A dynamic SQL statement is prepared during the execution of an SQL application and the operational form of the statement does not persist beyond the unit of work. The source form of the statement is a character string that is passed to the database manager by the program using the static SQL statement PREPARE or EXECUTE IMMEDIATE.
SQL statements embedded in a REXX application are dynamic SQL statements. 1 SQL statements submitted to an interactive SQL facility are also dynamic SQL statements.
An interactive SQL facility is associated with the database manager. Essentially, every interactive SQL facility is an SQL application program that reads statements from a terminal, prepares and processes them dynamically, and displays the results to the user. Such SQL statements are said to be issued interactively. The DB2 Server for VSE & VM Interactive SQL Guide and Reference manual discusses interactive SQL in greater detail. An associated product, Query Management Facility (QMF), also uses DB2 Server for VSE & VM interactively.
Extended dynamic statements support direct creation and maintenance of packages for DB2 Server for VSE & VM data and provide a function similar to that provided by the DB2 Server for VSE & VM preprocessors. These functions are particularly useful where:
Individual SQL statements can be added or deleted without affecting or repeating the preprocessing of other SQL statements in the group (a group can be stored in one package).
By using the extended dynamic statements, development programmers can write their own preprocessors or database interface routines that support preplanned access to the database manager. Preplanned access means that access paths to data are optimized once when the statement is prepared. They need not be prepared again for each execution.
Extended dynamic SQL statements may be used only in Assembler and REXX programs.
A relational database is a database that can be perceived as a set of tables and manipulated in accordance with the relational model of data.
Tables are logical structures maintained by the database manager. Tables are made up of columns and rows. A column is the vertical component of a table. It has a name and a defined data type (for example, character, decimal, or integer). A row is the horizontal component of a table. At the intersection of every column and row is a specific data item called a value. A row contains a sequence of values such that the nth value is a value of the nth column of the table. There is no inherent order of the rows within a table but there is a defined order of columns for a table.
A base table is created with the CREATE TABLE statement and holds persistent user data. A result table or an active set is a set of rows that the database manager selects or generates from one or more base tables.
A key is one or more columns identified as such in the description of a table, an index, or a referential constraint. The same column can be part of more than one key. A key composed of more than one column is called a composite key.
A composite key is an ordered set of columns of the same table. The ordering of the columns is not constrained by their ordering within the table. The term value when used with respect to a composite key denotes a composite value. Thus, a rule such as "the value of the foreign key must be equal to the value of the primary key" means that each component of the value of the foreign key must be equal to the corresponding component of the value of the primary key.
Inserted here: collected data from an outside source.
(* Let $01234$ be a convex pentagon inscribed in a circle, with vertices in cyclic order. Let the side lengths be $$a_0=|23|,\quad a_1=|34|,\quad a_2=|40|,\quad a_3=|01|,\quad a_4=|12|,$$ so that $a_i$ is the length of the side opposite vertex $i$. Let $d_0=|14|$ be the diagonal disjoint from the side $23$. Then $$\left(d_0^2-a_2^2-a_3^2\right)^2(a_0d_0+a_1a_4)(a_1d_0+a_0a_4)(a_4d_0+a_0a_1)=(a_2a_3)^2\left[d_0^3-(a_0^2+a_1^2+a_4^2)d_0-2a_0a_1a_4\right]^2.$$ Equivalently, $X=d_0$ is a root of $$(X^2-q)^2(PX^3+SX^2+PQX+P^2)=p^2(X^3-QX-2P)^2,$$ where $p=a_2a_3$, $P=a_0a_1a_4$, $q=a_2^2+a_3^2$, $Q=a_0^2+a_1^2+a_4^2$, and $S=(a_0a_1)^2+(a_0a_4)^2+(a_1a_4)^2$.
   Context: $|ij|$ denotes the distance between vertices $i$ and $j$. *)

From HB Require Import structures.
From mathcomp Require Import all_boot all_order all_algebra.
From mathcomp Require Import reals.
Set Implicit Arguments. Unset Strict Implicit. Unset Printing Implicit Defensive.
Import Order.TTheory GRing.Theory Num.Theory.
Local Open Scope ring_scope.

Section Geom.
Variable R : realType.

Definition dist (a b : R * R) : R :=
  Num.sqrt ((a.1 - b.1) ^+ 2 + (a.2 - b.2) ^+ 2).

(* signed (doubled) area of triangle abc: > 0 iff a,b,c counterclockwise *)
Definition orient (a b c : R * R) : R :=
  (b.1 - a.1) * (c.2 - a.2) - (b.2 - a.2) * (c.1 - a.1).

(* v 0, v 1, ..., v (n-1) are the vertices, in this cyclic order, of a
   (strictly) convex polygon: for every side v i v (i+1), all other
   vertices lie strictly on the same side of it (uniformly left = ccw,
   or uniformly right = cw). *)
Definition convex_polygon (n : nat) (v : 'I_n -> R * R) : Prop :=
  (forall i j : 'I_n, j != i -> j != ordS i -> 0 < orient (v i) (v (ordS i)) (v j)) \/
  (forall i j : 'I_n, j != i -> j != ordS i -> orient (v i) (v (ordS i)) (v j) < 0).

Definition inscribed (n : nat) (v : 'I_n -> R * R) : Prop :=
  exists (c : R * R) (r : R), 0 < r /\ forall i, dist (v i) c = r.

End Geom.

From HB Require Import structures.
From mathcomp Require Import all_boot all_order all_algebra.
From mathcomp Require Import reals.
From mathcomp Require Import ring.
Set Implicit Arguments. Unset Strict Implicit. Unset Printing Implicit Defensive.
Import Order.TTheory GRing.Theory Num.Theory.
Local Open Scope ring_scope.

(* Let r be the circumradius. The triangle 014 gives
   r^2 (4 a2^2 a3^2 - (a2^2 + a3^2 - d0^2)^2) = (a2 a3 d0)^2
   (abc = 4 r * area, with Heron's formula), and the convex cyclic
   quadrilateral 1234 gives Parameshvara's formula
   r^2 (4 (a4 a0 + a1 d0)^2 - (a4^2 + a0^2 - a1^2 - d0^2)^2)
     = (a4 a0 + a1 d0) (a4 a1 + a0 d0) (a4 d0 + a0 a1).
   The latter follows from the triangle formula for 123 once the diagonal
   |13| is eliminated using that the angles at 2 and 4 are supplementary,
   which is where convexity is needed. Eliminating r^2 between the two
   formulas gives the identity. *)

Lemma eq_sqr_mul_ge0 (R : realDomainType) (x y : R) :
  0 <= x * y -> x ^+ 2 = y ^+ 2 -> x = y.
Proof.
move=> xy_ge0 /eqP; rewrite eqf_sqr => /orP[/eqP // | /eqP xE].
move: xy_ge0; rewrite xE mulNr oppr_ge0 -expr2 => y2_le0.
have y0 : y = 0 by apply/eqP; rewrite -sqrf_eq0 eq_le y2_le0 sqr_ge0.
by rewrite y0 oppr0.
Qed.

(* [a, b, c, d] are the sides of a cyclic quadrilateral in cyclic order and
   [e] is the squared diagonal separating [a, b] from [c, d]: the hypotheses
   say that the angles opposite [e] have opposite cosines and give the
   circumradius of the triangle with sides [a], [b], [sqrt e]. *)
Lemma parameshvara (F : fieldType) (r2 a b c d e : F) :
  a * b != 0 ->
  c * d * (a ^+ 2 + b ^+ 2 - e) + a * b * (c ^+ 2 + d ^+ 2 - e) = 0 ->
  r2 * (4 * a ^+ 2 * b ^+ 2 - (a ^+ 2 + b ^+ 2 - e) ^+ 2) = a ^+ 2 * b ^+ 2 * e ->
  r2 * (4 * (a * b + c * d) ^+ 2 - (a ^+ 2 + b ^+ 2 - c ^+ 2 - d ^+ 2) ^+ 2)
  = (a * b + c * d) * (a * c + b * d) * (a * d + b * c).
Proof.
move=> ab_neq0 cosines triangle; set s := a * b + c * d.
have sW : s * (a ^+ 2 + b ^+ 2 - e) = a * b * (a ^+ 2 + b ^+ 2 - c ^+ 2 - d ^+ 2).
  by apply: subr0_eq; rewrite -cosines /s; ring.
have se : s * e = (a * c + b * d) * (a * d + b * c).
  by apply/esym/subr0_eq; rewrite -cosines /s; ring.
have a2b2_neq0 : a ^+ 2 * b ^+ 2 != 0 by rewrite -exprMn expf_neq0.
apply: (mulfI a2b2_neq0).
transitivity (r2 * (4 * a ^+ 2 * b ^+ 2 * s ^+ 2
                    - (a * b * (a ^+ 2 + b ^+ 2 - c ^+ 2 - d ^+ 2)) ^+ 2)).
  by ring.
rewrite -sW.
transitivity (s ^+ 2 * (r2 * (4 * a ^+ 2 * b ^+ 2 - (a ^+ 2 + b ^+ 2 - e) ^+ 2))).
  by ring.
rewrite triangle; transitivity (a ^+ 2 * b ^+ 2 * s * (s * e)); first by ring.
by rewrite se; ring.
Qed.

Lemma circumradius_elimination (F : fieldType) (r2 a0 a1 a2 a3 a4 d : F) :
  r2 != 0 ->
  r2 * (4 * a2 ^+ 2 * a3 ^+ 2 - (a2 ^+ 2 + a3 ^+ 2 - d ^+ 2) ^+ 2)
    = a2 ^+ 2 * a3 ^+ 2 * d ^+ 2 ->
  r2 * (4 * (a4 * a0 + a1 * d) ^+ 2 - (a4 ^+ 2 + a0 ^+ 2 - a1 ^+ 2 - d ^+ 2) ^+ 2)
    = (a4 * a0 + a1 * d) * (a4 * a1 + a0 * d) * (a4 * d + a0 * a1) ->
  (d ^+ 2 - a2 ^+ 2 - a3 ^+ 2) ^+ 2
    * (a0 * d + a1 * a4) * (a1 * d + a0 * a4) * (a4 * d + a0 * a1)
  = (a2 * a3) ^+ 2
    * (d ^+ 3 - (a0 ^+ 2 + a1 ^+ 2 + a4 ^+ 2) * d - 2 * a0 * a1 * a4) ^+ 2.
Proof.
move=> r2_neq0 triangle quadrilateral; apply: (mulfI r2_neq0); apply: subr0_eq.
set P := (a4 * a0 + a1 * d) * (a4 * a1 + a0 * d) * (a4 * d + a0 * a1).
transitivity (a2 ^+ 2 * a3 ^+ 2 * d ^+ 2 * (r2 * (4 * (a4 * a0 + a1 * d) ^+ 2
                 - (a4 ^+ 2 + a0 ^+ 2 - a1 ^+ 2 - d ^+ 2) ^+ 2) - P)
  - (r2 * (4 * a2 ^+ 2 * a3 ^+ 2 - (a2 ^+ 2 + a3 ^+ 2 - d ^+ 2) ^+ 2)
     - a2 ^+ 2 * a3 ^+ 2 * d ^+ 2) * P).
  by rewrite /P; ring.
by rewrite triangle quadrilateral !subrr mulr0 mul0r subrr.
Qed.

Section PlaneGeometry.
Variable R : realType.
Implicit Types a b c e : R * R.

Definition sqdist a b := (a.1 - b.1) ^+ 2 + (a.2 - b.2) ^+ 2.

Definition dot a b e := (b.1 - a.1) * (e.1 - a.1) + (b.2 - a.2) * (e.2 - a.2).

Lemma sqdist_ge0 a b : 0 <= sqdist a b.
Proof. by rewrite addr_ge0 ?sqr_ge0. Qed.

Lemma sqdistC a b : sqdist a b = sqdist b a.
Proof. by rewrite /sqdist; ring. Qed.

Lemma distC a b : dist a b = dist b a.
Proof. by rewrite /dist -/(sqdist a b) -/(sqdist b a) sqdistC. Qed.

Lemma dist_ge0 a b : 0 <= dist a b.
Proof. exact: sqrtr_ge0. Qed.

Lemma sqr_dist a b : dist a b ^+ 2 = sqdist a b.
Proof. exact/sqr_sqrtr/sqdist_ge0. Qed.

Lemma law_of_cosines a b e :
  2 * dot a b e = sqdist a b + sqdist a e - sqdist b e.
Proof. by rewrite /dot /sqdist; ring. Qed.

Lemma orient_sqr_add_dot_sqr a b e :
  orient a b e ^+ 2 + dot a b e ^+ 2 = sqdist a b * sqdist a e.
Proof. by rewrite /orient /dot /sqdist; ring. Qed.

(* The Gram determinant of [c - a], [b - a], [e - a] vanishes in the plane. *)
Lemma gram_plane a b c e :
  sqdist a c * orient a b e ^+ 2
  = dot a c b ^+ 2 * sqdist a e + dot a c e ^+ 2 * sqdist a b
    - 2 * dot a c b * dot a c e * dot a b e.
Proof. by rewrite /orient /dot /sqdist; ring. Qed.

Lemma dot_isosceles a b c : sqdist a c = sqdist b c -> 2 * dot a c b = sqdist a b.
Proof.
by move=> acbc; rewrite law_of_cosines [sqdist c b]sqdistC -acbc addrAC subrr add0r.
Qed.

Section Circumradius.
Context {c : R * R} {r : R} {a b e : R * R}.
Hypotheses (ha : sqdist a c = r ^+ 2) (hb : sqdist b c = r ^+ 2)
  (he : sqdist e c = r ^+ 2).

Lemma circumradius_orient :
  4 * r ^+ 2 * orient a b e ^+ 2 = sqdist a b * sqdist a e * sqdist b e.
Proof.
rewrite -ha -mulrA gram_plane.
have -> : 4 * (dot a c b ^+ 2 * sqdist a e + dot a c e ^+ 2 * sqdist a b
    - 2 * dot a c b * dot a c e * dot a b e)
  = (2 * dot a c b) ^+ 2 * sqdist a e + (2 * dot a c e) ^+ 2 * sqdist a b
    - (2 * dot a c b) * (2 * dot a c e) * (2 * dot a b e) by ring.
rewrite (@dot_isosceles a b) ?ha ?hb // (@dot_isosceles a e) ?ha ?he //.
by rewrite law_of_cosines; ring.
Qed.

Lemma circumradius_sides :
  r ^+ 2 * (4 * sqdist a b * sqdist a e
            - (sqdist a b + sqdist a e - sqdist b e) ^+ 2)
  = sqdist a b * sqdist a e * sqdist b e.
Proof.
rewrite -circumradius_orient -law_of_cosines -[4 * sqdist a b * _]mulrA.
by rewrite -orient_sqr_add_dot_sqr; ring.
Qed.

End Circumradius.

Section CyclicQuadrilateral.
Context {c : R * R} {r : R} {p q s t : R * R}.
Hypotheses (r_gt0 : 0 < r) (hp : sqdist p c = r ^+ 2) (hq : sqdist q c = r ^+ 2)
  (hs : sqdist s c = r ^+ 2) (ht : sqdist t c = r ^+ 2).
Hypothesis convex_pqst : 0 < orient p q s * orient s t p.

(* The right-hand side of the first step is the expansion of the determinant
   with rows [x, y, |x - c|^2 - r^2, 1] along its third column. *)
Lemma concyclic_dot_orient :
  dot q p s * orient s t p + orient p q s * dot t p s = 0.
Proof.
transitivity (- ((sqdist p c - r ^+ 2) * orient q s t
  - (sqdist q c - r ^+ 2) * orient p s t
  + (sqdist s c - r ^+ 2) * orient p q t
  - (sqdist t c - r ^+ 2) * orient p q s)).
  by rewrite /dot /orient /sqdist; ring.
by rewrite hp hq hs ht subrr; ring.
Qed.

Let r4_neq0 : 4 * r ^+ 2 != 0.
Proof. by rewrite mulf_neq0 ?pnatr_eq0 ?expf_neq0 ?gt_eqF. Qed.

Lemma orient_convex_neq0 : orient p q s != 0.
Proof. by apply: contraTneq convex_pqst => ->; rewrite mul0r ltxx. Qed.

Lemma cyclic_quad_cosines :
  dist s t * dist t p * dot q p s + dist p q * dist q s * dot t p s = 0.
Proof.
(* Law of sines: both angles at [q] and [t] face the chord [ps]; convexity
   makes their sines have the same sign. *)
have sines : orient p q s * (dist s t * dist t p)
           = orient s t p * (dist p q * dist q s).
  apply: eq_sqr_mul_ge0.
    by rewrite mulrACA pmulr_rge0 //; do !apply: mulr_ge0; exact: dist_ge0.
  apply: (mulfI r4_neq0); rewrite !exprMn !sqr_dist.
  transitivity (4 * r ^+ 2 * orient p q s ^+ 2 * (sqdist s t * sqdist t p)).
    by ring.
  transitivity (4 * r ^+ 2 * orient s t p ^+ 2 * (sqdist p q * sqdist q s)).
    rewrite (circumradius_orient hp hq hs) (circumradius_orient hs ht hp).
    by rewrite [sqdist s p]sqdistC; ring.
  by ring.
apply: (mulfI orient_convex_neq0); rewrite mulr0.
transitivity (orient p q s * (dist s t * dist t p) * dot q p s
              + dist p q * dist q s * (orient p q s * dot t p s)); first by ring.
rewrite sines; transitivity (dist p q * dist q s
  * (dot q p s * orient s t p + orient p q s * dot t p s)); first by ring.
by rewrite concyclic_dot_orient mulr0.
Qed.

Lemma cyclic_quad_circumradius :
  r ^+ 2 * (4 * (dist p q * dist q s + dist s t * dist t p) ^+ 2
            - (dist p q ^+ 2 + dist q s ^+ 2 - dist s t ^+ 2 - dist t p ^+ 2) ^+ 2)
  = (dist p q * dist q s + dist s t * dist t p)
    * (dist p q * dist s t + dist q s * dist t p)
    * (dist p q * dist t p + dist q s * dist s t).
Proof.
apply: (@parameshvara _ _ _ _ _ _ (sqdist p s)).
- rewrite -sqrf_eq0 exprMn !sqr_dist.
  have : sqdist p q * sqdist p s * sqdist q s != 0.
    rewrite -(circumradius_orient hp hq hs).
    by rewrite mulf_neq0 ?r4_neq0 ?expf_neq0 ?orient_convex_neq0.
  by rewrite !mulf_eq0 !negb_or => /andP[/andP[-> _] ->].
- by rewrite -(mulr0 2) -cyclic_quad_cosines !sqr_dist /dot /sqdist; ring.
- by rewrite !sqr_dist -[sqdist p q]sqdistC; exact: circumradius_sides hq hp hs.
Qed.

End CyclicQuadrilateral.

End PlaneGeometry.

Lemma convex_polygon_orient_mul_gt0 (R : realType) (n : nat) (v : 'I_n -> R * R)
    (i j : 'I_n) :
  convex_polygon v -> j != i -> j != ordS i -> i != ordS j ->
  0 < orient (v i) (v (ordS i)) (v j) * orient (v j) (v (ordS j)) (v i).
Proof.
move=> [] convex ji jSi iSj; have ij : i != j by rewrite eq_sym.
  by rewrite mulr_gt0 ?convex.
by rewrite -mulrNN mulr_gt0 // oppr_gt0 convex.
Qed.

Theorem theorem4 (R : realType) (v : 'I_5 -> R * R) :
  convex_polygon v -> inscribed v ->
  let a0 := dist (v (inord 2)) (v (inord 3)) in
  let a1 := dist (v (inord 3)) (v (inord 4)) in
  let a2 := dist (v (inord 4)) (v (inord 0)) in
  let a3 := dist (v (inord 0)) (v (inord 1)) in
  let a4 := dist (v (inord 1)) (v (inord 2)) in
  let d0 := dist (v (inord 1)) (v (inord 4)) in
  (d0 ^+ 2 - a2 ^+ 2 - a3 ^+ 2) ^+ 2
    * (a0 * d0 + a1 * a4) * (a1 * d0 + a0 * a4) * (a4 * d0 + a0 * a1)
  = (a2 * a3) ^+ 2
    * (d0 ^+ 3 - (a0 ^+ 2 + a1 ^+ 2 + a4 ^+ 2) * d0 - 2 * a0 * a1 * a4) ^+ 2.
Proof.
move=> convex [c [r [r_gt0 on_circle]]] a0 a1 a2 a3 a4 d0.
have concyclic k : sqdist (v k) c = r ^+ 2 by rewrite -sqr_dist on_circle.
have convex1234 : 0 < orient (v (inord 1)) (v (inord 2)) (v (inord 3))
                    * orient (v (inord 3)) (v (inord 4)) (v (inord 1)).
  have S1 : ordS (inord 1 : 'I_5) = inord 2 by apply/val_inj; rewrite /= !inordK.
  have S3 : ordS (inord 3 : 'I_5) = inord 4 by apply/val_inj; rewrite /= !inordK.
  have := convex_polygon_orient_mul_gt0 (i := inord 1) (j := inord 3) convex.
  by rewrite S1 S3; apply; rewrite -val_eqE /= !inordK.
have quadrilateral := cyclic_quad_circumradius r_gt0 (concyclic _) (concyclic _)
  (concyclic _) (concyclic _) convex1234.
have triangle := circumradius_sides (concyclic (inord 0)) (concyclic (inord 4))
  (concyclic (inord 1)).
rewrite -!sqr_dist [dist (v (inord 0)) _]distC in triangle.
rewrite [dist (v (inord 4)) (v (inord 1))]distC in triangle quadrilateral.
apply: circumradius_elimination triangle quadrilateral.
by rewrite expf_neq0 ?gt_eqF.
Qed.
(* Terms: x | M M | \x:t.M | |>_a M (quote) | <|_a M (unquote)
          | /\a. M | M A.  Lam binds term index 0, TLam binds transition index 0. *)
Inductive tm : Type :=
| Var     : nat -> tm
| App     : tm -> tm -> tm
| Lam     : ty -> tm -> tm
| Quote   : tvar -> tm -> tm
| Unquote : tvar -> tm -> tm
| TLam    : tm -> tm
| TApp    : tm -> transition -> tm.

Definition laters (A : transition) (t : ty) : ty := fold_right TLater t A.
Definition quotes (A : transition) (M : tm) : tm := fold_right Quote M A.
Definition unquotes (A : transition) (M : tm) : tm :=
  fold_left (fun acc a => Unquote a acc) A M.

Definition tsubst := nat -> transition.

Definition tsubst_up (s : tsubst) : tsubst :=
  fun k => match k with 0 => [0] | S k' => map S (s k') end.

Definition tr_subst (s : tsubst) (A : transition) : transition := flat_map s A.

Fixpoint ty_subst (s : tsubst) (t : ty) : ty :=
  match t with
  | TBase b => TBase b
  | TArr t1 t2 => TArr (ty_subst s t1) (ty_subst s t2)
  | TLater a t' => laters (s a) (ty_subst s t')
  | TAll t' => TAll (ty_subst (tsubst_up s) t')
  end.

Fixpoint tm_tsubst (s : tsubst) (M : tm) : tm :=
  match M with
  | Var x => Var x
  | App M1 M2 => App (tm_tsubst s M1) (tm_tsubst s M2)
  | Lam t M' => Lam (ty_subst s t) (tm_tsubst s M')
  | Quote a M' => quotes (s a) (tm_tsubst s M')
  | Unquote a M' => unquotes (s a) (tm_tsubst s M')
  | TLam M' => TLam (tm_tsubst (tsubst_up s) M')
  | TApp M' A => TApp (tm_tsubst s M') (tr_subst s A)
  end.

Definition tshift : tsubst := fun k => [S k].
Definition tsubst1 (B : transition) : tsubst :=
  fun k => match k with 0 => B | S k' => [k'] end.

Definition up_ren (r : nat -> nat) : nat -> nat :=
  fun k => match k with 0 => 0 | S k' => S (r k') end.

Fixpoint tm_rename (r : nat -> nat) (M : tm) : tm :=
  match M with
  | Var x => Var (r x)
  | App M1 M2 => App (tm_rename r M1) (tm_rename r M2)
  | Lam t M' => Lam t (tm_rename (up_ren r) M')
  | Quote a M' => Quote a (tm_rename r M')
  | Unquote a M' => Unquote a (tm_rename r M')
  | TLam M' => TLam (tm_rename r M')
  | TApp M' A => TApp (tm_rename r M') A
  end.

Definition up_tm (s : nat -> tm) : nat -> tm :=
  fun k => match k with 0 => Var 0 | S k' => tm_rename S (s k') end.

Fixpoint tm_subst (s : nat -> tm) (M : tm) : tm :=
  match M with
  | Var x => s x
  | App M1 M2 => App (tm_subst s M1) (tm_subst s M2)
  | Lam t M' => Lam t (tm_subst (up_tm s) M')
  | Quote a M' => Quote a (tm_subst s M')
  | Unquote a M' => Unquote a (tm_subst s M')
  | TLam M' => TLam (tm_subst (fun k => tm_tsubst tshift (s k)) M')
  | TApp M' A => TApp (tm_subst s M') A
  end.

Definition tm_subst1 (N : tm) : nat -> tm :=
  fun k => match k with 0 => N | S k' => Var k' end.

(* Contexts: x_i : tau_i @ A_i, with x_i the i-th de Bruijn index. *)
Definition ctx := list (ty * transition).

Definition ctx_tshift (G : ctx) : ctx :=
  map (fun p => (ty_subst tshift (fst p), tr_subst tshift (snd p))) G.

Inductive typing : ctx -> transition -> tm -> ty -> Prop :=
| T_Var : forall G A x t,
    nth_error G x = Some (t, A) ->
    typing G A (Var x) t
| T_Abs : forall G A t s M,
    typing ((t, A) :: G) A M s ->
    typing G A (Lam t M) (TArr t s)
| T_App : forall G A M N t s,
    typing G A M (TArr t s) ->
    typing G A N t ->
    typing G A (App M N) s
| T_Quote : forall G A a M t,
    typing G (A ++ [a]) M t ->
    typing G A (Quote a M) (TLater a t)
| T_Unquote : forall G A a M t,
    typing G A M (TLater a t) ->
    typing G (A ++ [a]) (Unquote a M) t
| T_Gen : forall G A M t,
    (* the generalized variable is fresh for G and A: index 0 after shifting *)
    typing (ctx_tshift G) (tr_subst tshift A) M t ->
    typing G A (TLam M) (TAll t)
| T_Ins : forall G A M t B,
    typing G A M (TAll t) ->
    typing G A (TApp M B) (ty_subst (tsubst1 B) t).

Inductive step : tm -> tm -> Prop :=
| S_Beta : forall t M N, step (App (Lam t M) N) (tm_subst (tm_subst1 N) M)
| S_QU : forall a M, step (Unquote a (Quote a M)) M
| S_TBeta : forall M A, step (TApp (TLam M) A) (tm_tsubst (tsubst1 A) M)
| S_App1 : forall M M' N, step M M' -> step (App M N) (App M' N)
| S_App2 : forall M N N', step N N' -> step (App M N) (App M N')
| S_Lam : forall t M M', step M M' -> step (Lam t M) (Lam t M')
| S_Quote : forall a M M', step M M' -> step (Quote a M) (Quote a M')
| S_Unquote : forall a M M', step M M' -> step (Unquote a M) (Unquote a M')
| S_TLam : forall M M', step M M' -> step (TLam M) (TLam M')
| S_TApp : forall M M' A, step M M' -> step (TApp M A) (TApp M' A).

(* Subject reduction by the usual two substitution lemmas.  Substituting
   transitions for transition variables preserves typing because a quotation
   or unquotation at a variable that becomes the transition C turns into |C|
   nested (un)quotations, whose stages compose by concatenation; substituting
   well-typed terms for term variables preserves typing given weakening.
   Each redex is then typed by one of these lemmas, and the congruence rules
   follow from inverting the typing rule of the enclosing constructor. *)
From Stdlib Require Import List.
Import ListNotations.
A unique key is a key that is constrained so that no two of its values are equal. The constraint is enforced by the database manager during the execution of INSERT and UPDATE statements. The mechanism used to enforce the constraint is called a unique index. Thus, every unique key is a key of a unique index.
A primary key is a unique key that is part of the definition of a table. A table can have at most one primary key, and the columns of a primary key cannot contain null values. Primary keys are optional and can be defined in CREATE TABLE statements or ALTER TABLE statements.
The unique index on a primary key is called the primary index. When a primary key is defined in a CREATE TABLE statement, the primary index is automatically created by the database manager.
When a primary key is defined in an ALTER TABLE statement, a primary index is automatically created by the database manager even if a unique index exists on the same columns of that primary key.
Integrity refers to the accuracy of data in the database. Integrity is maintained in the following ways:
The database manager protects other users and programs from using inconsistent or wrong data by preventing more than one user or application from simultaneously updating data; by allowing the user to rollback uncommitted changes; and by using entity integrity and referential integrity.
Entity integrity may be maintained in two ways: by defining a primary key on a table or placing a unique constraint on a column.
You define a primary key on a table to ensure that duplicate rows do not occur. The database manager enforces the uniqueness of the primary key by automatically creating a unique index on its columns. A primary key is a part of the table definition and is defined when the table is created or altered. Primary keys are also used in defining referential integrity.
Columns that are not used to define a primary key can be defined to have unique values. Define a unique constraint on a column when you wish the database manager not to accept a row of data if a unique column already contains the same value in another row.
Referential integrity allows the definition of relationships between tables such that the existence of values in one table depends on the existence of the same values in another table. The database manager supports referential integrity by providing for the definition of primary keys, foreign keys, and through a set of rules defining the relationships among the tables. Together, these are known as referential constraints.
The relationship defined by a referential constraint is a set of connections between the rows of two or more tables. The tables are related through matching column values in the tables. A table is considered a parent table if its primary key is referenced in a referential constraint, or a dependent table if it has a foreign key and is related to a parent table through a referential constraint. A table can be both a parent and a dependent table, depending on its relationship to other tables.
The relationship is defined using the CREATE TABLE statement for new tables and the ALTER TABLE statement for existing tables. When you use these statements, you specify the rules that must be followed in both parent and dependent tables when rows are deleted.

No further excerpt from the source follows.